The manufacturing economy was being hollowed out. The political system was unresponsive to public needs or the public will.  Few expected the next generation to be better off than the present generation.

What Americans back then had no way of foreseeing was the religious movement we now call the Third Great Awakening.  It took a religious movement to transform lives and thereby transform the nation.

Historically, in the English-speaking world, this has always been the case.  Periods of moral and social decay evoke religious revivals in response.

So it was with the rise of Puritanism and Methodism in 17th and 19th century Britain and the first and second Great Awakenings in the early 18th and 19th century USA.

The core values of the Third Great Awakening were (1) putting the needs children, mothers and families first, (2) help in overcoming addiction of all kinds and rehabilitation generally and (3) sympathy for the poor and suspicion of holders of great wealth.

It was a combination of Pentecostal spirituality, Mormon emphasis on community, family and self-reliance, Twelve Step rehabilitation and Latin American-style liberation theology.  It was strict (though forgiving) in terms of personal conduct, but embraced a no-frills Christian theology that made it compatible with diverse denominations.

The core supporters of the Awakening movement were African-Americans, Hispanics and Bible Belt whites, but the movement appealed to people in every niche of American life.

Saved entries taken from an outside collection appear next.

(* For every integer $d\ge 1$ there exist $q_0=q_0(d)>\frac{1}{d+1}$ and constants $c_1,c_2>0$ depending only on $d$ such that the following holds. If $G=(V,E)$ is a finite connected simple graph of maximal degree $d$, $p\in(0,1)$ and $q:=1-p\le q_0$, then the stationary distribution $\pi$ of the Bak–Sneppen model on $G$ with parameter $p$ satisfies, for every $k\ge 0$, \[ \pi\big(\eta:\ |\{x\in V:\eta_x=0\}|>k\big)\le c_1e^{-c_2k}. \]
   Context: Let $G=(V,E)$ be a finite connected simple graph (no loops, no multiple edges) and $p\in(0,1)$. The (continuous-time, discrete-valued) Bak–Sneppen model on $G$ with parameter $p$ is the continuous-time Markov process $\eta(t)\in\{0,1\}^V$ defined as follows. Each vertex $x$ carries an independent rate-$1$ Poisson clock. When the clock at $x$ rings: if $\eta_x=0$, or if $\eta_y=1$ for all $y\in V$, then the values $\eta_z$ for all $z$ in the neighbourhood $\{x\}\cup\{y:y\sim x\}$ are replaced by independent Bernoulli$(p)$ random variables (value $1$ with probability $p$, value $0$ with probability $q=1-p$); otherwise nothing happens. This is an irreducible finite Markov chain; $\pi$ is its stationary distribution. *)

From HB Require Import structures.
From mathcomp Require Import all_boot all_order all_algebra.
From mathcomp Require Import reals.
From mathcomp Require Import sequences.
From mathcomp.analysis Require Import exp.
Set Implicit Arguments. Unset Strict Implicit. Unset Printing Implicit Defensive.
Import Order.TTheory GRing.Theory Num.Theory.
Local Open Scope ring_scope.
Lemma is_lim_squeeze_inf (q H : R -> R) l S :
  0 <= S ->
  (forall eps, 0 < eps -> exists nu, 0 < nu /\ H nu < l + eps) ->
  (forall k, 0 < k -> l <= q k /\ forall nu, 0 < nu -> q k <= H nu + nu * S / k) ->
  is_lim q p_infty l.
Proof.
  intros HS Happrox Hq.
  apply is_lim_spec; intros eps; simpl.
  assert (Heps : 0 < eps / 2) by (destruct eps; simpl; lra).
  destruct (Happrox (eps / 2) Heps) as [nu [Hnu HHnu]].
  exists (Rmax 1 (2 * nu * S / eps)); intros k Hk.
  assert (Hk1 : 1 < k) by (eapply Rle_lt_trans; [apply Rmax_l | exact Hk]).
  assert (Hk2 : 2 * nu * S / eps < k) by (eapply Rle_lt_trans; [apply Rmax_r | exact Hk]).
  destruct (Hq k ltac:(lra)) as [Hlow Hup]; specialize (Hup nu Hnu).
  assert (Hpos := cond_pos eps).
  assert (Hsmall : nu * S / k < eps / 2).
  { apply Rmult_lt_reg_r with (2 * k / eps); [apply Rdiv_lt_0_compat; lra|].
    replace (nu * S / k * (2 * k / eps)) with (2 * nu * S / eps) by (field; lra).
    replace (eps / 2 * (2 * k / eps)) with k by (field; lra); trivial. }
  apply Rabs_def1; lra.
Qed.

Section ScaledDiffusion.

Variables (T : R) (D dM DI dI tau p : R -> R) (hp0 ta tb : R).

Hypotheses (HT : 0 < T) (Hta : 0 <= ta - tau ta) (Hab : ta <= tb) (HtbT : tb <= T).
Hypotheses (cont_D : forall x, continuous D x) (D_pos : forall x, 0 < D x).
Hypotheses (cont_dM : forall x, continuous dM x) (dM_pos : forall x, 0 < dM x).
Hypotheses (cont_DI : forall x, continuous DI x) (DI_nonneg : forall x, 0 <= DI x).
Hypotheses (cont_dI : forall x, continuous dI x).
Hypotheses (cont_p : forall x, continuous p x) (p_nonneg : forall x, 0 <= p x).
Hypotheses (tau_derivable : forall x, ex_derive tau x) (tau_pos : forall x, 0 < tau x)
  (cont_Dtau : forall x, continuous (Derive tau) x) (Dtau_lt_1 : forall x, Derive tau x < 1).
Hypothesis hp0_nonneg : 0 <= hp0.

Let cont_tau x : continuous tau x.
Proof. apply (ex_derive_continuous (K := R_AbsRing) (V := R_NormedModule)), tau_derivable. Qed.

Definition Einf (nu s : R) : R :=
  dRphi tau dI p hp0 s * exp (- (RInt dM 0 (s - tau s) + RInt dM s T)) *
  exp (nu ^ 2 * (RInt D 0 (s - tau s) + RInt D s T)).

Definition Kinf (nu : R) : R :=
  exp (nu ^ 2 * RInt D 0 T - RInt dM 0 T) + RInt (Einf nu) ta tb.

Lemma delay_nondecreasing s : ta <= s -> ta - tau ta <= s - tau s.
Proof.
  intros [Hlt | ->]; [left | right; reflexivity].
  apply (incr_function (fun s => s - tau s) m_infty p_infty (fun x => 1 - Derive tau x));
    simpl; trivial.
  - intros x _ _; auto_derive; [apply tau_derivable|].
    unfold Rminus; rewrite Rmult_1_l; reflexivity.
  - intros x _ _; specialize (Dtau_lt_1 x); lra.
Qed.

Lemma dRphi_nonneg s : 0 <= dRphi tau dI p hp0 s.
Proof.
  unfold dRphi.
  assert (0 < 1 - Derive tau s) by (specialize (Dtau_lt_1 s); lra).
  assert (0 < exp (- RInt dI (s - tau s) s)) by apply exp_pos.
  assert (0 <= p (s - tau s)) by apply p_nonneg.
  apply Rmult_le_pos; trivial; apply Rmult_le_pos; trivial; nra.
Qed.

Lemma continuous_dRphi x : continuous (dRphi tau dI p hp0) x.
Proof. unfold dRphi; solve_continuous. Qed.

Lemma Einf_nonneg nu s : 0 <= Einf nu s.
Proof.
  unfold Einf; assert (Hd := dRphi_nonneg s).
  assert (H1 := exp_pos (- (RInt dM 0 (s - tau s) + RInt dM s T))).
  assert (H2 := exp_pos (nu ^ 2 * (RInt D 0 (s - tau s) + RInt D s T))).
  apply Rmult_le_pos; [apply Rmult_le_pos|]; lra.
Qed.

Lemma continuous_Einf nu x : continuous (Einf nu) x.
Proof. assert (Hd := continuous_dRphi); unfold Einf; solve_continuous. Qed.

Lemma sigma_nonneg s : 0 <= sigma DI tau s.
Proof.
  unfold sigma; apply RInt_ge_0; auto using ex_RInt_of_continuous.
  specialize (tau_pos s); lra.
Qed.

Lemma continuous_sigma x : continuous (sigma DI tau) x.
Proof. unfold sigma; solve_continuous. Qed.

Lemma sigma_bounded : exists S, forall s, ta <= s <= tb -> 0 <= sigma DI tau s <= S.
Proof.
  assert (Hcont : forall x, ta <= x <= tb -> continuity_pt (sigma DI tau) x).
  { intros x _; apply continuity_pt_filterlim, continuous_sigma. }
  destruct (continuity_ab_maj (sigma DI tau) ta tb Hab Hcont) as [smax [Hmax _]].
  exists (sigma DI tau smax); intros s Hs; split; [apply sigma_nonneg | apply Hmax, Hs].
Qed.

Lemma Kinf_ge_exp nu : exp (nu ^ 2 * RInt D 0 T - RInt dM 0 T) <= Kinf nu.
Proof.
  unfold Kinf.
  assert (0 <= RInt (Einf nu) ta tb); [|lra].
  apply RInt_ge_0; [exact Hab | apply ex_RInt_of_continuous, continuous_Einf |].
  intros; apply Einf_nonneg.
Qed.
(* Let $n\ge2$ and let $r$ be even with $0<r\le n$. Consider $A,B\in\mathrm{SGL}_n(\mathbb{F}_2)$ with $B-A=\sum_{i=1}^{r+1}\mathbf{x}_i\mathbf{x}_i^{\top}$, where $\mathbf{x}_1,\ldots,\mathbf{x}_r\in\mathbb{F}_2^n$ are linearly independent and $\mathbf{x}_{r+1}=\sum_{i=1}^r\mathbf{x}_i$. (i) Such $A,B,\mathbf{x}_1,\ldots,\mathbf{x}_r$ with $[\mathbf{x}_i^{\top}A^{-1}\mathbf{x}_j]_{i,j=1}^{r+1}$ not of rank one exist if and only if $(r,n)\notin\{(2,2),(2,3)\}$. (ii) Such $A,B,\mathbf{x}_1,\ldots,\mathbf{x}_r$ with $[\mathbf{x}_i^{\top}A^{-1}\mathbf{x}_j]_{i,j=1}^{r+1}$ of rank one exist if and only if $r\le\lfloor\frac{n+1}{2}\rfloor$.
   Context: $\mathbb{F}_2$ is the binary field; $\mathrm{SGL}_n(\mathbb{F}_2)$ denotes the set of invertible symmetric $n\times n$ matrices over $\mathbb{F}_2$. *)

From HB Require Import structures.
From mathcomp Require Import all_boot all_order all_algebra.
Set Implicit Arguments. Unset Strict Implicit. Unset Printing Implicit Defensive.
Import GRing.Theory.
Local Open Scope ring_scope.

Definition F2 := 'F_2.

Definition SGL (n : nat) (A : 'M[F2]_n) : Prop := A^T = A /\ A \in unitmx.

Definition lin_indep (n r : nat) (x : 'I_r -> 'cV[F2]_n) : Prop :=
  forall c : 'I_r -> F2, \sum_(i < r) c i *: x i = 0 -> forall i, c i = 0.

(* the family x_1, ..., x_r, x_{r+1} with x_{r+1} = x_1 + ... + x_r;
   index r (the last one of 'I_r.+1) corresponds to x_{r+1} *)
Definition xext (n r : nat) (x : 'I_r -> 'cV[F2]_n) (i : 'I_r.+1) : 'cV[F2]_n :=
  match unlift ord_max i with
  | Some j => x j
  | None => \sum_(j < r) x j
  end.

Definition config (n r : nat) (A B : 'M[F2]_n) (x : 'I_r -> 'cV[F2]_n) : Prop :=
  SGL A /\ SGL B /\ lin_indep x /\
  B - A = \sum_(i < r.+1) (xext x i *m (xext x i)^T).

Definition gram (n r : nat) (A : 'M[F2]_n) (x : 'I_r -> 'cV[F2]_n) : 'M[F2]_(r.+1) :=
  \matrix_(i < r.+1, j < r.+1) ((xext x i)^T *m invmx A *m xext x j) 0 0.

(* Write X for the n x r matrix with columns x_1, ..., x_r, J for the all-ones r x r
   matrix and N := 1 + J; as r is even, N^2 = 1 over F_2.  The x_i x_i^T sum to X N X^T,
   and [x_i^T A^-1 x_j] = S^T G S with G := X^T A^-1 X and S = [1 | 1] of full row rank,
   so this Gram matrix has the rank of G.  Comparing the two Schur complements of
   [[A, X], [X^T, N]] shows that B = A + X N X^T is invertible iff G + N is.

   Sylvester's rank inequality gives rank G >= 2r - n, which is the necessity in (ii).
   For r = 2 and n <= 3 a rank other than 1 thus means rank G = 2, i.e. a symmetric
   invertible 2 x 2 matrix G with G + N invertible, impossible as
   det (G + N) = det G + 1.  Conversely, taking
   C := diag(G0, 1) as A^-1 and X := [1; Y] gives G = G0 + Y^T Y, and suitable G0, Y
   realise rank 0 when 2r <= n, rank 1 when 2r <= n + 1, and rank r when r >= 4. *)
From mathcomp Require Import all_boot all_order all_algebra zify.
Import GRing.Theory.
Local Open Scope ring_scope.
Set Implicit Arguments. Unset Strict Implicit. Unset Printing Implicit Defensive.

Section SchurComplement.

Variable R : comUnitRingType.

Lemma mulmx1_invmx n (A B : 'M[R]_n) : A *m B = 1%:M -> invmx A = B.
Proof.
move=> AB; have [Au _] := mulmx1_unit AB.
by rewrite -[invmx A]mulmx1 -AB mulmxA mulVmx // mul1mx.
Qed.

Lemma det_block_mx_schurl m n (A : 'M[R]_m) (U : 'M_(m, n)) (V : 'M_(n, m)) D :
  A \in unitmx -> \det (block_mx A U V D) = \det A * \det (D - V *m invmx A *m U).
Proof.
move=> Au.
have -> : block_mx A U V D =
    block_mx 1%:M 0 (V *m invmx A) 1%:M *m block_mx A U 0 (D - V *m invmx A *m U).
  by rewrite mulmx_block !mul1mx !mul0mx ?mulmx0 !addr0 mulmxKV // addrCA subrr addr0.
by rewrite det_mulmx det_lblock det_ublock !det1 !mul1r.
Qed.

Lemma det_block_mx_schurr m n (A : 'M[R]_m) (U : 'M_(m, n)) (V : 'M_(n, m)) D :
  D \in unitmx -> \det (block_mx A U V D) = \det D * \det (A - U *m invmx D *m V).
Proof.
move=> Du.
have -> : block_mx A U V D =
    block_mx 1%:M (U *m invmx D) 0 1%:M *m block_mx (A - U *m invmx D *m V) 0 V D.
  by rewrite mulmx_block !mul1mx ?mul0mx ?mulmx0 ?add0r ?addr0 mulmxKV // -mulmxA subrK.
by rewrite det_mulmx det_ublock det_lblock !det1 !mul1r mulrC.
Qed.

Lemma det_schur_swap m n (A : 'M[R]_m) (D : 'M_n) (U : 'M_(m, n)) (V : 'M_(n, m)) :
  A \in unitmx -> D \in unitmx ->
  \det A * \det (D - V *m invmx A *m U) = \det D * \det (A - U *m invmx D *m V).
Proof. by move=> Au Du; rewrite -det_block_mx_schurl // det_block_mx_schurr. Qed.

Lemma unitmx_add_mul n p (K : 'M[R]_n) (U : 'M_(n, p)) (V : 'M_(p, n)) :
  K \in unitmx -> V *m invmx K *m U = 0 -> K + U *m V \in unitmx.
Proof.
move=> Ku VKU.
have /mulmx1_unit[] // : (K + U *m V) *m (invmx K - invmx K *m U *m V *m invmx K) = 1%:M.
rewrite mulmxDl !mulmxBr mulmxV // !mulmxA mulmxV // mul1mx.
have -> : U *m V *m invmx K *m U = 0 by rewrite -!mulmxA (mulmxA V) VKU mulmx0.
by rewrite !mul0mx subr0 subrK.
Qed.

End SchurComplement.

Lemma det_mx22 (R : comPzRingType) (M : 'M[R]_2) :
  \det M = M 0 0 * M 1 1 - M 0 1 * M 1 0.
Proof.
rewrite (expand_det_row _ 0) !big_ord_recl big_ord0 addr0 /cofactor !det_mx11 !mxE /=.
rewrite !expr0 !mul1r expr1 mulN1r mulrN.
have l1 : lift (0 : 'I_2) 0 = 1 by apply/val_inj.
have l2 : lift (1 : 'I_2) 0 = 0 by apply/val_inj.
have l3 : ord0 = (0 : 'I_2) by apply/val_inj.
by rewrite !l3 !l1 l2.
Qed.
(* Every child of a Steiner point s_j sits elsewhere and carries positive flow,
   so its moment about s_j is non-zero. *)
Lemma child_moment_nonzero n z zBS m s par f j c :
  is_FQST n z zBS m s par f -> (j < m)%nat -> In c (children n m par (Stn j)) ->
  xmoment z zBS s f (s j) c <> 0 \/ ymoment z zBS s f (s j) c <> 0.
Proof.
  intros HF Hj Hc. apply In_children in Hc as [HcNS Hpc].
  pose proof HF as (Hs&Hsz&_&_&_&Hf&_).
  assert (Hne : Defs.pos z zBS s c <> s j).
  { pose proof (proj1 (In_nonsink n m c) HcNS) as [Hv Hns].
    destruct c as [i|k|]; simpl in *; intros E.
    - apply (Hsz j i); auto.
    - assert (k = j) by (apply Hs; auto). subst.
      now apply (FQST_par_neq n z zBS m s par f (Stn j)).
    - now elim Hns. }
  assert (0 < f c) by (apply Hf; auto).
  unfold xmoment, ymoment.
  destruct (Req_dec (fst (Defs.pos z zBS s c)) (fst (s j))) as [E1|E1];
  destruct (Req_dec (snd (Defs.pos z zBS s c)) (snd (s j))) as [E2|E2].
  - exfalso; apply Hne, injective_projections; auto.
  - right; apply Rmult_integral_contrapositive; split; lra.
  - left; apply Rmult_integral_contrapositive; split; lra.
  - left; apply Rmult_integral_contrapositive; split; lra.
Qed.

The rise of the movement took place against the background of the Greater Great Depression of the late 2020s.  Governments and corporations went bankrupt and ceased to function.  This time the banks were “too big to bail.”

Confidence in major American institutions had been falling all through the early 21st century.  As they ceased to function, they lost all moral authority.

 Americans were forced to self-organize to cope with the emergency.  They joined together through their local religious congregations, and also through newly-formed labor and community organizations.

About this time the Jeffrey Epstein client files were published by Wikileaks.  They revealed how many high-level politicians, business executives and celebrities had sex with under-age, exploited young girls, and also how Epstein was part of a network of sex traffickers that had continued to function.

This resulted in a great backlash and a drive to track down and punish the guilty—many of whom were also guilty of financial fraud and war crimes.  Financial, political and sexual corruption became conflated in the public mind.  

Some people called what followed a witch hunt, but it weakened, discredited and, to an extent, emptied out the power structure.  New institutions and movements arose to fill the vacuum.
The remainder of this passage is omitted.